DÍLI, 24 de março de 2026 (RAFA.tl) – O Governo do estado australiano de Nova Gales do Sul, defendeu hoje a introdução de protocolos de emergência semelhantes aos adotados durante a pandemia da Covid-19 para gerir a escassez de combustível que está a paralisar o estado.
Chris Minns, chefe do Governo de NSW disse que as medidas deveriam incluir sistemas de distribuição prioritária, restrições de compra e coordenação centralizada entre distribuidores, retalhistas e governo.

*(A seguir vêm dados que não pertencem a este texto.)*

(* Consider the queueing system in the context under MaxWeight with a diagonal matrix $\Delta$ with positive diagonal entries, in overload ($\rho\notin\mathcal{P}$). Let $H=\limsup_{t\to\infty}\langle \frac{X(t)}{t},\Delta\frac{X(t)}{t}\rangle$ and let $\eta$ be the limit of $X(t_c)/t_c$ along an increasing unbounded sequence $\{t_c\}$ with $\langle\eta,\Delta\eta\rangle=H$. Then for any increasing unbounded sequence $\{t_m\}$ with $\lim_{m\to\infty}X(t_m)/t_m=\mu$, $$\langle\mu,\Delta\eta\rangle\ge\langle\eta,\Delta\eta\rangle\implies \mu=\eta.$$
   Context: Model: $Q$ queues, finite set $\mathcal{S}=\{S_1,\dots,S_N\}\subset\mathbb{R}^Q_{\ge0}$, discrete time. Arrivals $A(t)$ with $0\le A_q(t)\le\bar A_q<\infty$ and $\rho_q=\lim_{t\to\infty}\frac1t\sum_{s=0}^{t-1}A_q(s)\in(0,\infty)$. Departures $D_q(t)=\min\{S_q(t),X_q(t)\}$, $X(t+1)=X(t)+A(t)-D(t)$, $X(0)=0$, with $S(t)\in\arg\max_{S\in\mathcal{S}}\langle S,\Delta X(t)\rangle$. Stability region $\mathcal{P}=\{r\in\mathbb{R}^Q_{\ge0}: r\le\sum_n\alpha_nS_n\text{ for some }\alpha_n\ge0,\sum_n\alpha_n=1\}$. *)

From HB Require Import structures.
From mathcomp Require Import all_boot all_order all_algebra.
From mathcomp Require Import all_classical all_reals all_analysis.
Set Implicit Arguments. Unset Strict Implicit. Unset Printing Implicit Defensive.
Import Order.TTheory GRing.Theory Num.Theory.
Import numFieldNormedType.Exports.
Local Open Scope classical_set_scope.
Local Open Scope ring_scope.

(* Weighted inner product <x, Delta y> for Delta = diag(delta). *)
Definition dinner (R : realType) (Q : nat) (delta : 'I_Q -> R)
  (x y : 'I_Q -> R) : R := \sum_(q < Q) x q * (delta q * y q).

Definition stab_region (R : realType) (Q N : nat) (Svec : 'I_N -> 'I_Q -> R)
  (r : 'I_Q -> R) : Prop :=
  (forall q, 0 <= r q) /\
  exists alpha : 'I_N -> R,
    (forall n, 0 <= alpha n) /\ \sum_(n < N) alpha n = 1 /\
    forall q, r q <= \sum_(n < N) alpha n * Svec n q.

(* MaxWeight queueing dynamics: X is the queue process, A the arrivals,
   sched t the index of the schedule S(t) = Svec (sched t) chosen at time t. *)
Definition maxweight_dynamics (R : realType) (Q N : nat)
  (Svec : 'I_N -> 'I_Q -> R) (delta : 'I_Q -> R)
  (A X : nat -> 'I_Q -> R) (sched : nat -> 'I_N) : Prop :=
  (forall q, X 0%N q = 0) /\
  (forall t n, dinner delta (Svec n) (X t) <= dinner delta (Svec (sched t)) (X t)) /\
  (forall t q, X t.+1 q = X t q + A t q - Num.min (Svec (sched t) q) (X t q)).

Definition scaled (R : realType) (Q : nat) (X : nat -> 'I_Q -> R) (t : nat)
  : 'I_Q -> R := fun q => X t q / t%:R.

Definition scaled_limit (R : realType) (Q : nat) (X : nat -> 'I_Q -> R)
  (tm : nat -> nat) (mu : 'I_Q -> R) : Prop :=
  forall q, (fun m => scaled X (tm m) q) @ \oo --> mu q.

Definition incr_unbounded (tm : nat -> nat) : Prop :=
  (forall m, (tm m < tm m.+1)%N) /\ (forall M, exists m, (M <= tm m)%N).

From HB Require Import structures.
From mathcomp Require Import all_boot all_order all_algebra.
From mathcomp Require Import all_classical all_reals all_analysis.
From mathcomp Require Import ring lra.
Import Order.TTheory GRing.Theory Num.Theory.
Import numFieldNormedType.Exports.
Local Open Scope classical_set_scope.
Local Open Scope ring_scope.

(* The weighted inner product is a genuine inner product, so
   |mu - eta|^2 = |mu|^2 - 2 <mu, eta> + |eta|^2.  Since mu is a limit point
   of X(t)/t, |mu|^2 <= limsup |X(t)/t|^2 = |eta|^2, and by hypothesis
   <mu, eta> >= |eta|^2; hence |mu - eta|^2 <= 0, i.e. mu = eta.  None of the
   queueing structure is needed. *)

Lemma le_limn_esup_subseq {R : realType} {u : (\bar R)^nat} {tm : nat -> nat}
    {l : \bar R} :
  {homo tm : m n / (m < n)%N} -> (fun m => u (tm m)) @ \oo --> l ->
  (l <= limn_esup u)%E.
Proof.
move=> tm_incr ul; rewrite limn_esup_lim; apply: lime_ge; first exact: is_cvg_esups.
apply: nearW => n; apply: (cvge_le _ ul); near=> m.
apply: ereal_sup_ubound; exists (tm m) => //=.
have tm_infl k : (k <= tm k)%N.
  by elim: k => // k ih; apply: leq_ltn_trans ih (tm_incr _ _ _).
by apply: leq_trans (tm_infl m); near: m; exists n.
Unshelve. all: by end_near.
Qed.

Section weighted_inner_product.
Context {R : realType} {Q : nat} {delta : 'I_Q -> R}.
Local Notation "<< x , y >>" := (dinner delta x y).

Lemma dinnerBB x y : << x - y, x - y >> = << x, x >> - 2 * << x, y >> + << y, y >>.
Proof.
rewrite /dinner mulr_sumr -sumrN -!big_split /=.
by apply: eq_bigr => q _; rewrite !fctE; ring.
Qed.

Lemma cvg_dinner (x y : nat -> 'I_Q -> R) (x0 y0 : 'I_Q -> R) :
  (forall q, (fun m => x m q) @ \oo --> x0 q) ->
  (forall q, (fun m => y m q) @ \oo --> y0 q) ->
  (fun m => << x m, y m >>) @ \oo --> << x0, y0 >>.
Proof.
move=> xx0 yy0; apply: cvg_big => [|q _]; first exact: add_continuous.
by apply: cvgM; [exact: xx0 | apply: cvgM; [exact: cvg_cst | exact: yy0]].
Qed.

Hypothesis delta_gt0 : forall q, 0 < delta q.

Lemma dinner_self_le0 x : (<< x, x >> <= 0) = (x == 0).
Proof.
have term_ge0 q : 0 <= x q * (delta q * x q).
  by rewrite mulrCA -expr2 mulr_ge0 ?sqr_ge0 ?ltW.
apply/idP/eqP => [|->]; last by rewrite /dinner big1 // => q _; rewrite mul0r.
rewrite le_eqVlt ltNge sumr_ge0 // orbF psumr_eq0 // => /allP x0.
apply/funext => q; have /= := x0 q (mem_index_enum q).
by rewrite mulrCA mulf_eq0 (gt_eqF (delta_gt0 q)) mulf_eq0 orbb => /eqP.
Qed.

End weighted_inner_product.

Theorem lemma5 (R : realType) (Q N : nat)
  (Svec : 'I_N -> 'I_Q -> R) (delta : 'I_Q -> R)
  (A : nat -> 'I_Q -> R) (Abar rho : 'I_Q -> R)
  (X : nat -> 'I_Q -> R) (sched : nat -> 'I_N)
  (tc tm : nat -> nat) (eta mu : 'I_Q -> R) :
  (forall n q, 0 <= Svec n q) ->
  (forall q, 0 < delta q) ->
  (forall t q, 0 <= A t q <= Abar q) ->
  (forall q, (fun t => (\sum_(s < t) A s q) / t%:R) @ \oo --> rho q) ->
  (forall q, 0 < rho q) ->
  maxweight_dynamics Svec delta A X sched ->
  ~ stab_region Svec rho ->
  incr_unbounded tc ->
  scaled_limit X tc eta ->
  ((dinner delta eta eta)%:E =
     limn_esup (fun t => (dinner delta (scaled X t) (scaled X t))%:E))%E ->
  incr_unbounded tm ->
  scaled_limit X tm mu ->
  dinner delta mu eta >= dinner delta eta eta ->
  mu = eta.
Proof.
move=> _ delta_gt0 _ _ _ _ _ _ _ eta_limsup [tm_incr _] mu_lim mu_eta_ge.
have tm_homo : {homo tm : m n / (m < n)%N} by apply: homo_ltn; first exact: ltn_trans.
have mu_le_eta : dinner delta mu mu <= dinner delta eta eta.
  rewrite -lee_fin eta_limsup; apply: (le_limn_esup_subseq tm_homo).
  by apply: cvg_EFin; [exact: nearW | exact: cvg_dinner].
apply/eqP; rewrite -subr_eq0 -(dinner_self_le0 delta_gt0) dinnerBB.
lra.
Qed.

Minns confirmou que 105 postos de combustíveis estão sem gasóleo no estado, “quase exclusivamente nas regiões” interiores, e que 35 “não têm acesso a nenhum tipo de combustível”.
A dimensão do problema estende-se muito além de Nova Gales do Sul.

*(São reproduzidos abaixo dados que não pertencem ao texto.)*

(* Let $L_1$ be a non-degenerate even lattice. Then $\overline{\mathrm{O}(L_1)}=\mathrm{O}(q(L_1))$ if and only if there exists a non-degenerate even lattice $L_2$ satisfying: (1) there exists an even unimodular lattice $\Gamma\subset L_1^\vee\oplus L_2^\vee$ containing $L_1$ and $L_2$ primitively, and it is essentially unique: for any other even unimodular $\Gamma'\subset L_1^\vee\oplus L_2^\vee$ containing $L_1$ and $L_2$ primitively there exist $\varphi_i\in\mathrm{O}(L_i)$ ($i=1,2$) such that (the $\mathbb{Q}$-linear extension of) $\varphi_1\oplus\varphi_2$ maps $\Gamma$ onto $\Gamma'$; (2) the restriction map $\mathrm{O}(\Gamma,L_2)\to\mathrm{O}(L_2)$ is surjective, where $\mathrm{O}(\Gamma,L_2)=\{g\in\mathrm{O}(\Gamma):g(L_2)=L_2\}$.
   Context: A lattice is a free $\mathbb{Z}$-module of finite rank with an integral symmetric bilinear form; a sublattice $K\subset L$ is primitive if $L/K$ is torsion free. For a non-degenerate even lattice $L$: $L^\vee=\{v\in L\otimes\mathbb{Q}:\langle v,L\rangle\subset\mathbb{Z}\}$, $A(L)=L^\vee/L$, discriminant form $q(L):A(L)\to\mathbb{Q}/2\mathbb{Z}$, $x\bmod L\mapsto\langle x,x\rangle\bmod2\mathbb{Z}$; $\mathrm{O}(q(L))$ the automorphisms of $A(L)$ preserving $q(L)$; $\overline{\mathrm{O}(L)}$ the image of the natural map $\mathrm{O}(L)\to\mathrm{O}(q(L))$. The form on $L_1^\vee\oplus L_2^\vee$ is the orthogonal sum of the $\mathbb{Q}$-extended forms. *)

(* Lattices of rank n are Z^n (inside Q^n, as rat column
   vectors) with an integral symmetric Gram matrix G. *)
From HB Require Import structures.
From mathcomp Require Import all_boot all_order all_algebra.
Set Implicit Arguments. Unset Strict Implicit. Unset Printing Implicit Defensive.
Import Order.TTheory GRing.Theory Num.Theory.
Local Open Scope ring_scope.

A última contagem nacional aponta para mais de 250 postos de abastecimento sem pelo menos um tipo de combustível em três estados: em Queensland, 47 postos estão sem gasóleo e 32 sem gasolina e em Vitória, 109 postos estão sem pelo menos um tipo de combustível, incluindo 50 sem gasóleo.
O ministro federal da Energia, Chris Bowen, admitiu no Parlamento ter participado em “planeamento de contingência prudente” que incluiu cenários de racionamento formal – embora tenha sublinhado que essa medida extrema está ainda “muito longe”.
O colapso no abastecimento resulta de três fatores que convergiram em simultâneo: compras em pânico que dobraram a procura normal em apenas dez dias, o cancelamento de seis navios-tanque com destino à Austrália por parte de fornecedores asiáticos, e o bloqueio iraniano ao Estreito de Ormuz, que cortou 20% da capacidade global de fornecimento de petróleo.
A Austrália importa 80% do seu combustível refinado de refinarias asiáticas – sobretudo da Coreia do Sul, o maior fornecedor individual, da Malásia, de Singapura e da China – todas elas dependentes de crude que passa pelo Médio Oriente.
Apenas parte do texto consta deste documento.